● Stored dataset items
::::::

Lemma brAZl c (x y : V) : Br (c *: x) y = c *: Br x y.
Proof.
rewrite -[c *: x]addr0 brA_linl [Br 0 y]brA_A2l ?addr0 //.
by apply/inA2n => i; rewrite raddf0.
Qed.

Definition brform (x y z : V) :=
  \sum_(0 <= i < n) \sum_(0 <= j < n) \sum_(0 <= m < n)
    coordb i x * coordb j y * coordb m z * Dcoef d i j m.

Lemma formA_brA (x y z : V) : formA n (Br x y) z = brform x y z.
Proof.
rewrite formAE.
under eq_big_nat => m /andP[_ mn] do rewrite coordb_brA mul0r add0r coords_brA //.
under eq_bigr do rewrite /brcoef mulr_sumr.
rewrite exchange_big /=; apply: eq_bigr => i _.
under eq_bigr do rewrite mulr_sumr.
rewrite exchange_big /=; apply: eq_bigr => j _.
by apply: eq_bigr => m _; ring.
Qed.

Lemma brformN (x y z : V) : brform x z y = - brform x y z.
Proof.
rewrite /brform -sumrN; apply: eq_bigr => i _.
rewrite exchange_big /= -sumrN; apply: eq_bigr => j _.
by rewrite -sumrN; apply: eq_bigr => m _; rewrite Dcoef_swap23; ring.
Qed.

Lemma formA_invariant (x y z : V) : formA n (Br x y) z + formA n y (Br x z) = 0.
Proof. by rewrite [formA n y _]formAC !formA_brA (brformN x y z) addrN. Qed.

Lemma brA_quadratic : is_quadratic_Lie Br (formA n).
Proof.
split; [split | exact: formA_linl | exact: formAC | exact: formAn_nondegenerate |
  exact: formA_invariant].
- exact: brA_linl.
- exact: brA_linr.
- exact: brA_alt.
- by move=> x y z; rewrite !(brA_A2r _ (inA2_brA _ _)) !addr0.
Qed.

Lemma what_nat i j : what d i j = \sum_(0 <= k < n) Dcoef d i j k *: (bsvec k : V).
Proof. by rewrite big_mkord. Qed.

Lemma coordb_what i j m : coordb m (what d i j) = 0.
Proof. by rewrite what_nat coordb_sum_bsvec. Qed.

Lemma coords_what i j m : (m < n)%N -> coords m (what d i j) = Dcoef d i j m.
Proof. by move=> mn; rewrite what_nat coords_sum_bsvec // mn. Qed.

Lemma brA_bvec (i j : 'I_n) : Br (bvec i) (bvec j) = what d i j.
Proof.
apply: eq_coord => m mn; first by rewrite coordb_brA coordb_what.
rewrite coords_brA // coords_what // /brcoef.
transitivity (\sum_(0 <= a < n) (a == i)%:R * \sum_(0 <= b < n) (b == j)%:R * Dcoef d a b m).
  apply: eq_big_nat => a /andP[_ an]; rewrite mulr_sumr; apply: eq_big_nat => b /andP[_ bn].
  by rewrite !coordb_bvec an bn !andbT; ring.
by rewrite sum_nat_delta ltn_ord sum_nat_delta ltn_ord.
Qed.

Lemma brA_what (x y : V) :
  Br x y = \sum_(i < n) \sum_(j < n) (coordb i x * coordb j y) *: what d i j.
Proof.
apply: eq_coord => m mn.
  by rewrite coordb_brA linear_sum big1 // => i _; rewrite linear_sum big1 // => j _;
    rewrite linearZ /= coordb_what mulr0.
rewrite coords_brA // /brcoef big_mkord linear_sum; apply: eq_bigr => i _.
by rewrite big_mkord linear_sum; apply: eq_bigr => j _; rewrite linearZ /= coords_what.
Qed.

Lemma whatN i j : what d j i = - what d i j.
Proof. by rewrite /what -sumrN; apply: eq_bigr => k _; rewrite Dcoef_swap12 scaleNr. Qed.

Lemma what_diag i : what d i i = 0.
Proof. by rewrite /what big1 // => k _; rewrite Dcoef_diag12 scale0r. Qed.

Lemma span_what0 : in_span_what d (0 : V).
Proof.
by exists (fun _ _ => 0); rewrite big1 // => i _; rewrite big1 // => j _; rewrite scale0r.
Qed.

Lemma span_whatD (x y : V) : in_span_what d x -> in_span_what d y -> in_span_what d (x + y).
Proof.
case=> c1 -> [c2 ->]; exists (fun i j => c1 i j + c2 i j).
rewrite -big_split; apply: eq_bigr => i _; rewrite -big_split; apply: eq_bigr => j _.
by rewrite scalerDl.
Qed.

Lemma span_what_sum I (r : seq I) (P : pred I) (F : I -> V) :
  (forall i, P i -> in_span_what d (F i)) -> in_span_what d (\sum_(i <- r | P i) F i).
Proof. by move=> FP; elim/big_ind: _ => //; [exact: span_what0 | exact: span_whatD]. Qed.

Lemma span_whatZ (i j : 'I_n) c : in_span_what d (c *: what d i j).
Proof.
wlog ji : i j c / (j < i)%N => [hwlog|].
  case: (ltngtP i j) => [ij|ji|/val_inj->]; last 2 first.
  - exact: hwlog.
  - by rewrite what_diag scaler0; exact: span_what0.
  by rewrite whatN scalerN -scaleNr; apply: hwlog.
exists (fun a b => if (a == i) && (b == j) then c else 0).
rewrite (bigD1 i) //= (bigD1 j) //= !eqxx /=.
rewrite big1 => [|b /andP[_ /negbTE bj]]; last by rewrite bj scale0r.
by rewrite big1 ?addr0 // => a /negbTE ai; apply: big1 => b _; rewrite ai scale0r.
Qed.

Lemma derived_brA (x y : V) : in_derived Br (Br x y).
Proof. by exists [:: (x, y)]; rewrite big_seq1. Qed.

Lemma derived_sum I (r : seq I) (P : pred I) (F : I -> V) :
  (forall i, P i -> in_derived Br (F i)) -> in_derived Br (\sum_(i <- r | P i) F i).
Proof.
move=> FP; elim/big_ind: _ => //; first by exists [::]; rewrite big_nil.
by move=> _ _ [s1 ->] [s2 ->]; exists (s1 ++ s2); rewrite big_cat.
Qed.

Lemma derived_span_what (w : V) : in_derived Br w <-> in_span_what d w.
Proof.
split=> [[s ->]|[c ->]].
  apply: span_what_sum => p _; rewrite brA_what.
  by apply: span_what_sum => i _; apply: span_what_sum => j _; apply: span_whatZ.
apply: derived_sum => i _; apply: derived_sum => j _.
by rewrite -brA_bvec -brAZl; apply: derived_brA.
Qed.

Lemma derived_inA2 (w : V) : in_derived Br w -> inA2 n w.
Proof.
case=> s ->; apply/inA2n => j; rewrite linear_sum big1 // => p _; exact: coordb_brA.
Qed.

Lemma center_orth_derived (x w : V) : in_center Br x -> in_derived Br w -> formA n w x = 0.
Proof.
move=> xZ [s ->]; elim/big_ind: _ => [|a b a0 b0|[p q] _ /=]; first exact: formA0l.
  by have := formA_linl n 1 a b x; rewrite scale1r a0 b0 mulr0 addr0.
have := formA_invariant p q x.
by rewrite (brA_anti x p) xZ oppr0 [formA n q 0]formAC formA0l addr0.
Qed.

Lemma reduced_A2 : reduced Br <-> forall x, inA2 n x -> in_derived Br x.
Proof.
split=> [red x xA2|A2D x xZ]; first by apply: red => y; apply: brA_A2l.
apply: (A2D); apply/inA2n => j; have [jn|/coordb_out->//] := ltnP j n.
have := formA_bsvecr n x jn; rewrite jn => <-.
by rewrite formAC center_orth_derived //; apply: A2D; exact: inA2_bsvec.
Qed.

Lemma reduced_span_what : reduced Br <-> forall x, inA2 n x <-> in_span_what d x.
Proof.
split=> [/reduced_A2 A2D x|A2S].
  by split=> [/A2D/derived_span_what // | /derived_span_what/derived_inA2].
by apply/reduced_A2 => x /A2S/derived_span_what.
Qed.

Lemma NNP_dmx_neq0 : NNP d ->
  exists k i j, [/\ (k < n)%N, (i < j < k)%N & dmx d k i j != 0].
Proof.
case=> k [kn [x [xA dx0]]].
have [i [j [ik jk ij0]]] := exists_dmx_neq0 kn xA dx0.
case: (ltngtP i j) => [lt|gt|eq].
- by exists k, i, j; rewrite lt jk.
- by exists k, j, i; rewrite gt ik dmxN // oppr_eq0.
- by move: ij0; rewrite eq dmx_diag ?eqxx.
Qed.

Lemma NNP_ge3 : NNP d -> (3 <= n)%N.
Proof. by case/NNP_dmx_neq0 => k [i [j [kn /andP[ij jk] _]]]; lia. Qed.

Lemma brA_two_step_nilpotent : NNP d -> two_step_nilpotent Br.
Proof.
case/NNP_dmx_neq0 => k [i [j [kn /andP[ij jk] dij]]].
split=> [x w /derived_inA2/brA_A2r-> //|].
have [ilt jlt] : (i < n)%N /\ (j < n)%N by lia.
exists (what d i j); split.
  by rewrite -(brA_bvec (Ordinal ilt) (Ordinal jlt)); apply: derived_brA.
apply: contraNneq dij => w0.
by rewrite -(Dcoef_top3 kn (ltn_trans ij jk) jk) -coords_what // w0 raddf0.
Qed.

End Chain.

Lemma chain_skew (K : fieldType) n (d : nat -> 'M[K]_(2, n) -> 'M[K]_(2, n)) :
  is_chain d -> forall k, (k < n)%N -> forall x y, inA k x -> inA k y ->
  formA k (d k x) y + formA k x (d k y) = 0.
Proof. by move=> ch k /ch[]. Qed.

Lemma chain_twoSP_im (K : fieldType) n (d : nat -> 'M[K]_(2, n) -> 'M[K]_(2, n)) :
  is_chain d -> twoSP d -> forall k, (k < n)%N -> forall x, inA k x -> inA2 k (d k x).
Proof.
move=> ch sp [|k] kn x xA; last by have [im _] := sp k.+1 isT kn; exact: im.
by have [dA _ _ _] := ch 0 kn; split=> [|i]; [exact: dA | exact: dA].
Qed.

Theorem lemma2p13 (K : fieldType) (n : nat) (d : nat -> 'M[K]_(2, n) -> 'M[K]_(2, n)) :
  [pchar K] =i pred0 ->
  is_chain d -> NNP d -> twoSP d ->
  (3 <= n)%N /\
  ([/\ is_quadratic_Lie (brA d n) (formA n),
       two_step_nilpotent (brA d n),
       (forall x, inA2 n x -> in_center (brA d n) x),
       ((forall i j : 'I_n, brA d n (bvec i) (bvec j) = what d i j) /\
        (forall (i : 'I_n) y, brA d n (bsvec i) y = 0)) &
       (forall i j : 'I_n,
          [/\ formA (K := K) (n := n) n (bvec i) (bsvec j) = (i == j)%:R,
              formA (K := K) (n := n) n (bvec i) (bvec j) = 0 &
              formA (K := K) (n := n) n (bsvec i) (bsvec j) = 0])]
   /\
   (reduced (brA d n) <-> (forall x, inA2 n x <-> in_span_what d x))).
Proof.
move=> /pcharf0P charK ch nnp sp.
have two_neq0 : 2%:R != 0 :> K by rewrite charK.
have skew := chain_skew ch; have im := chain_twoSP_im ch sp.
split; first exact: NNP_ge3 two_neq0 skew im nnp.
split; [split|exact: reduced_span_what two_neq0 skew im].
- exact: brA_quadratic two_neq0 skew im.
- exact: brA_two_step_nilpotent two_neq0 skew im nnp.
- by move=> x xA2 y; apply: (brA_A2l two_neq0 skew im y xA2).
- split=> [|i y]; first exact: brA_bvec two_neq0 skew im.
  exact: (brA_A2l two_neq0 skew im y (inA2_bsvec i)).
- move=> i j; rewrite formA_bsvecr // formA_bvecr // formA_bsvecr // ltn_ord.
  by rewrite coordb_bvec coords_bvec coordb_bsvec ltn_ord andbT eq_sym.
Qed.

::::::

● Activity
Provide only the count of lines in the data above that include the string "eqxx".

● Response box
2